## PROBLEM TO WORK ON
Going down the listing below, print exactly each line from the one with "From mathcomp Require Import all_boot all_order all_algebra." up to and including the one with "Definition explores (s", and skip the rest.

## EXERCISE DATA
(* For all integers $n\ge 4$ and $2\le k\le n/2$, there exists a feasible simple homogeneous PV graph $\vec G_R$ with $n$ sites and $k$ carriers such that $$\mathcal M(\vec G_R)\ >\ \tfrac18\,k\,n\,(n-8).$$ (This holds even though the agent knows $\vec G_R$ and $k$ and has unlimited memory.)
   Context: A PV (periodically varying) system consists of a finite set $S$ of $n$ sites and a set $C$ of $k\le n$ carriers. Each carrier $c$ has a route $\pi(c)=\langle x_0,\dots,x_{p(c)-1}\rangle$, a finite sequence of sites of length $p(c)\ge1$ called its period; $\pi(c)[j]=x_{j\bmod p(c)}$. At each time $t\in\mathbb N$ carrier $c$ is at $\pi(c)[t]$ and moves to $\pi(c)[t+1]$. The PV graph $\vec G_R$ is the directed edge-labelled multigraph on $S$ with edges $(x_i,x_{i+1},i)$, $0\le i<p(c)$, for every carrier. The system is homogeneous if all $p(c)$ are equal, heterogeneous otherwise. A route is simple if $\pi(c)[i]\ne\pi(c)[i+1]$ for all $i$ and, whenever $\pi(c)[i]=\pi(c)[j]$ with $0\le i<j<p(c)$, then $\pi(c)[i+1]\ne\pi(c)[j+1]$ (no self-loops and no repeated directed edge within one period); a PV graph is simple if all its routes are simple. An exploring agent is injected at time $0$ at a site of $\mathrm{start}(\vec G_R)=\{\pi(c)[0]:c\in C\}$; if at time $t$ it is at site $x$ it must either ride one step with some carrier $c$ with $\pi(c)[t]=x$ (one move) or halt; it cannot wait. A strategy solves PVG-Exploration of $\vec G_R$ if from every injection site the agent visits all sites and halts in finite time. $\vec G_R$ is feasible if from the starting point of every carrier some realizable walk visits all sites. For feasible $\vec G_R$, $\mathcal M(\vec G_R)$ denotes the minimum, over all deterministic strategies solving PVG-Exploration of $\vec G_R$ (which may use full knowledge of $\vec G_R$ and unlimited memory), of the maximum over injection sites of the number of moves performed. *)

From mathcomp Require Import all_boot all_order all_algebra.
Set Implicit Arguments. Unset Strict Implicit. Unset Printing Implicit Defensive.

Section PV.
Variables (S C : finType).

(* A PV system with sites S and carriers C.  Carrier c has period
   [per c] and route <rt c 0, ..., rt c (per c - 1)>; values of
   [rt c j] for j >= per c are irrelevant (never used). *)
Record PVsys := PVSys { per : C -> nat; rt : C -> nat -> S }.

Variable R : PVsys.

Definition pos (c : C) (j : nat) : S := rt R c (j %% per R c).

Definition well_formed : Prop := forall c, 0 < per R c.

Definition homogeneous : Prop := forall c c', per R c = per R c'.

(* simple route: no self-loop and no repeated directed edge in a period *)
Definition simple_route (c : C) : Prop :=
  (forall i, i < per R c -> pos c i != pos c i.+1) /\
  (forall i j, i < j -> j < per R c -> pos c i = pos c j ->
       pos c i.+1 != pos c j.+1).

Definition simple_PV : Prop := forall c, simple_route c.

Definition start : {set S} := [set pos c 0 | c : C].

(* A walk is the sequence of carriers ridden, one move per time step;
   the agent at site x at time t may ride c only if pi(c)[t] = x, and
   then it is at pi(c)[t+1] at time t+1. *)
Fixpoint valid_from (x : S) (t : nat) (cs : seq C) : bool :=
  if cs is c :: cs' then (pos c t == x) && valid_from (pos c t.+1) t.+1 cs'
  else true.

Fixpoint trace (x : S) (t : nat) (cs : seq C) : seq S :=
  x :: (if cs is c :: cs' then trace (pos c t.+1) t.+1 cs' else [::]).

Definition explores (s : S) (cs : seq C) : Prop :=
  valid_from s 0 cs /\ forall y : S, y \in trace s 0 cs.

Definition feasible : Prop := forall c, exists cs, explores (pos c 0) cs.

(* A deterministic strategy with full knowledge of G_R and unlimited memory
   determines, for each injection site, the finite walk performed before
   halting. *)
Definition strategy := S -> seq C.

Definition solves (sigma : strategy) : Prop :=
  forall s, s \in start -> explores s (sigma s).

Definition cost (sigma : strategy) : nat := \max_(s in start) size (sigma s).

End PV.

From mathcomp Require Import all_boot all_order all_algebra zify.
Set Implicit Arguments. Unset Strict Implicit. Unset Printing Implicit Defensive.
Import Order.TTheory GRing.Theory Num.Theory.
Arguments pos : simpl never.

(* Hard instances for N >= 9 sites and K carriers.  Put m = N - K.  Every
   carrier i < K follows the same closed walk of period p = D * (2 * m),
   D = (m - 2) %/ 2, on the "base" sites 0, ..., m - 1, shifted by i, so that
   two carriers never share a base site; the walk is simple because in round
   q < D it alternates j -> j + q.+2 -> j.+1 (mod m), and the difference of
   two consecutive sites determines both q and the parity of the time.  Two
   slots of the period are diverted to the other K sites: carriers i and i.+1
   meet exactly once per period, at site m + i, and the last site m + K.-1 is
   visited by carrier K.-1 only.  Starting on carrier 0, the agent can thus be
   on carrier c only after time c * p.-1, and reaches the last site only after
   K * p.-1 > K * N * (N - 8) / 8 moves.  For N <= 8 the bound is not positive
   and carriers rotating around all sites give a simple feasible system. *)

Section Walks.
Variables (S C : finType) (R : PVsys S C).

Fixpoint walk_last (x : S) (t : nat) (cs : seq C) : S :=
  if cs is c :: cs' then walk_last (pos R c t.+1) t.+1 cs' else x.

Lemma valid_from_cat x t cs1 cs2 :
  valid_from R x t (cs1 ++ cs2) =
  valid_from R x t cs1 && valid_from R (walk_last x t cs1) (t + size cs1) cs2.
Proof.
elim: cs1 x t => [|c cs IH] x t /=; first by rewrite addn0.
by rewrite IH addSnnS andbA.
Qed.

Lemma walk_last_cat x t cs1 cs2 :
  walk_last x t (cs1 ++ cs2) = walk_last (walk_last x t cs1) (t + size cs1) cs2.
Proof.
elim: cs1 x t => [|c cs IH] x t /=; first by rewrite addn0.
by rewrite IH addnS -addSn.
Qed.

Lemma mem_trace_head x t cs : x \in trace R x t cs.
Proof. by case: cs => [|? ?]; rewrite inE eqxx. Qed.

Lemma mem_trace_catl x t cs1 cs2 y :
  y \in trace R x t cs1 -> y \in trace R x t (cs1 ++ cs2).
Proof.
elim: cs1 x t => [|c cs IH] x t /=; first by rewrite inE => /eqP ->; exact: mem_trace_head.
by rewrite !inE => /orP [->|/IH ->]; rewrite ?orbT.
Qed.

Lemma mem_trace_catr x t cs1 cs2 y :
  y \in trace R (walk_last x t cs1) (t + size cs1) cs2 -> y \in trace R x t (cs1 ++ cs2).
Proof.
elim: cs1 x t => [|c cs IH] x t /=; first by rewrite addn0.
by rewrite addnS -addSn => /IH H; rewrite inE H orbT.
Qed.

Lemma valid_from_nseq c t L : valid_from R (pos R c t) t (nseq L c).
Proof. by elim: L t => [|L IH] t //=; rewrite eqxx IH. Qed.

Lemma walk_last_nseq c t L : walk_last (pos R c t) t (nseq L c) = pos R c (t + L).
Proof. by elim: L t => [|L IH] t /=; rewrite ?addn0 // IH addSn addnS. Qed.

Lemma mem_trace_nseq c t L i :
  i <= L -> pos R c (t + i) \in trace R (pos R c t) t (nseq L c).
Proof.
elim: L t i => [|L IH] t [|i] //= Hi; rewrite ?addn0 inE ?eqxx //.
by rewrite -addSnnS IH ?orbT.
Qed.

Lemma trace_invariant (P : nat -> S -> Prop) :
  (forall t c, P t (pos R c t) -> P t.+1 (pos R c t.+1)) ->
  forall cs x t, valid_from R x t cs -> P t x ->
  forall y, y \in trace R x t cs -> exists2 t', t' <= t + size cs & P t' y.
Proof.
move=> Pstep; elim=> [|c cs IH] x t /=.
  by move=> _ Px y; rewrite inE => /eqP ->; exists t; rewrite ?addn0.
case/andP=> /eqP Ec Hv Px y; rewrite inE => /orP [/eqP ->|Hy].
  by exists t; rewrite ?leq_addr.
rewrite -Ec in Px; have [t' Ht' Pt'] := IH _ _ Hv (Pstep _ _ Px) y Hy.
by exists t' => //; rewrite addnS -addSn.
Qed.

Lemma explores_size_gt0 s cs (y : S) :
  y != s -> explores R s cs -> 0 < size cs.
Proof. by case: cs => // /negPf ys [_ /(_ y)]; rewrite inE ys. Qed.

Lemma cost_ge_size (sigma : strategy S C) s :
  s \in start R -> size (sigma s) <= cost R sigma.
Proof. exact: (leq_bigmax_cond (F := fun s => size (sigma s))). Qed.

Lemma cost_ge_invariant (P : nat -> S -> Prop) (sigma : strategy S C) s y B :
  solves R sigma -> s \in start R ->
  (forall t c, P t (pos R c t) -> P t.+1 (pos R c t.+1)) -> P 0 s ->
  (forall t, P t y -> B <= t) -> B <= cost R sigma.
Proof.
move=> sol Hs Pstep Ps Plate; have [Hv Hall] := sol s Hs.
have [t Ht Py] := trace_invariant Pstep Hv Ps (Hall y).
by apply: leq_trans (Plate _ Py) (leq_trans Ht (cost_ge_size _ Hs)).
Qed.

End Walks.

Section BaseRoute.
Variable m : nat.

Definition base_route (t : nat) : nat :=
  let u := t %% (2 * m) in (u %/ 2 + odd u * (t %/ (2 * m)).+2) %% m.

Definition base_step (t : nat) : nat :=
  if odd t then m - (t %/ (2 * m)).+1 else (t %/ (2 * m)).+2.

Lemma round_decomp t : 0 < m -> exists q j (b : bool), j < m /\ t = q * (2 * m) + (2 * j + b).
Proof.
move=> m_gt0; exists (t %/ (2 * m)), (t %% (2 * m) %/ 2), (odd (t %% (2 * m))).
rewrite {1}(divn_eq t (2 * m)) {3}(divn_eq (t %% (2 * m)) 2) modn2; lia.
Qed.

Lemma base_route_round q j (b : bool) : j < m ->
  base_route (q * (2 * m) + (2 * j + b)) = (j + b * q.+2) %% m.
Proof.
move=> Hj; have Hu : 2 * j + b < 2 * m by case: b; lia.
rewrite /base_route modnMDl divnMDl ?(modn_small Hu) ?(divn_small Hu) ?addn0; last lia.
by rewrite oddD oddM /=; case: b {Hu}; congr (_ %% _); lia.
Qed.

Lemma base_step_round q j (b : bool) : j < m ->
  base_step (q * (2 * m) + (2 * j + b)) = if b then m - q.+1 else q.+2.
Proof.
move=> Hj; have Hu : 2 * j + b < 2 * m by case: b; lia.
rewrite /base_step divnMDl ?(divn_small Hu) ?addn0; last lia.
by rewrite !oddD !oddM /= andbF; case: b {Hu}; case: (odd j).
Qed.

Lemma base_route_lt t : 0 < m -> base_route t < m.
Proof. exact: ltn_pmod. Qed.

Lemma base_route_onto x : 2 < m -> x < m -> exists2 t, t < (2 * m).-2 & base_route t = x.
Proof.
move=> Hm Hx; have [Hx1|Hx1] := ltnP x.+1 m.
  exists (0 * (2 * m) + (2 * x + false)); first by rewrite /=; lia.
  by rewrite base_route_round //= addn0 modn_small.
exists (0 * (2 * m) + (2 * (m - 3) + true)); first by rewrite /=; lia.
by rewrite base_route_round /=; [rewrite modn_small|]; lia.
Qed.

Variable D : nat.
Hypotheses (D_gt0 : 0 < D) (m_gt : (2 * D).+1 < m).
Local Notation P := (D * (2 * m)).

Fact m_gt0 : 0 < m. Proof. lia. Qed.

Lemma round_lt q u : q * (2 * m) + u < P -> q < D.
Proof. by move/(leq_ltn_trans (leq_addr _ _)); rewrite ltn_pmul2r // muln_gt0 m_gt0. Qed.

Lemma base_step_bounds t : t < P -> 0 < base_step t < m.
Proof.
have [q [j [b [Hj ->]]]] := round_decomp t m_gt0 => Ht.
have Hq := round_lt Ht.
by rewrite base_step_round //; case: b {Ht}; lia.
Qed.

Lemma base_route_succ t : t < P ->
  base_route (t.+1 %% P) = (base_route t + base_step t) %% m.
Proof.
have [q [j [b [Hj ->]]]] := round_decomp t m_gt0 => Ht.
have Hq := round_lt Ht.
rewrite base_route_round // base_step_round // modnDml.
case: b Ht => /= Ht; last first.
  have -> : (q * (2 * m) + (2 * j + 0)).+1 %% P = q * (2 * m) + (2 * j + true).
    by rewrite modn_small /=; nia.
  by rewrite base_route_round //=; congr (_ %% _); lia.
have -> : (j + 1 * q.+2 + (m - q.+1)) %% m = j.+1 %% m.
  by rewrite -(modnDr j.+1 m); congr (_ %% _); lia.
have [Hj1|Hj1] := ltnP j.+1 m.
  have -> : (q * (2 * m) + (2 * j + 1)).+1 %% P = q * (2 * m) + (2 * j.+1 + false).
    by rewrite modn_small /=; nia.
  by rewrite base_route_round //= addn0.
(* the last step of a round leads to time 0 of the next round, or of round 0 *)
have -> : j.+1 = m by lia.
have -> : (q * (2 * m) + (2 * j + 1)).+1 %% P = q.+1 %% D * (2 * m) + (2 * 0 + false).
  case: (ltngtP q.+1 D) => HqD; first by rewrite !modn_small /=; nia.
    by nia.
  have -> : (q * (2 * m) + (2 * j + 1)).+1 = P by nia.
  by rewrite HqD !modnn.
by rewrite (@base_route_round _ 0 false) ?modnn ?mul0n ?mod0n; lia.
Qed.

## EXERCISE ANSWER
From mathcomp Require Import all_boot all_order all_algebra.
Set Implicit Arguments. Unset Strict Implicit. Unset Printing Implicit Defensive.

Section PV.
Variables (S C : finType).

(* A PV system with sites S and carriers C.  Carrier c has period
   [per c] and route <rt c 0, ..., rt c (per c - 1)>; values of
   [rt c j] for j >= per c are irrelevant (never used). *)
Record PVsys := PVSys { per : C -> nat; rt : C -> nat -> S }.

Variable R : PVsys.

Definition pos (c : C) (j : nat) : S := rt R c (j %% per R c).

Definition well_formed : Prop := forall c, 0 < per R c.

Definition homogeneous : Prop := forall c c', per R c = per R c'.

(* simple route: no self-loop and no repeated directed edge in a period *)
Definition simple_route (c : C) : Prop :=
  (forall i, i < per R c -> pos c i != pos c i.+1) /\
  (forall i j, i < j -> j < per R c -> pos c i = pos c j ->
       pos c i.+1 != pos c j.+1).

Definition simple_PV : Prop := forall c, simple_route c.

Definition start : {set S} := [set pos c 0 | c : C].

(* A walk is the sequence of carriers ridden, one move per time step;
   the agent at site x at time t may ride c only if pi(c)[t] = x, and
   then it is at pi(c)[t+1] at time t+1. *)
Fixpoint valid_from (x : S) (t : nat) (cs : seq C) : bool :=
  if cs is c :: cs' then (pos c t == x) && valid_from (pos c t.+1) t.+1 cs'
  else true.

Fixpoint trace (x : S) (t : nat) (cs : seq C) : seq S :=
  x :: (if cs is c :: cs' then trace (pos c t.+1) t.+1 cs' else [::]).

Definition explores (s : S) (cs : seq C) : Prop :=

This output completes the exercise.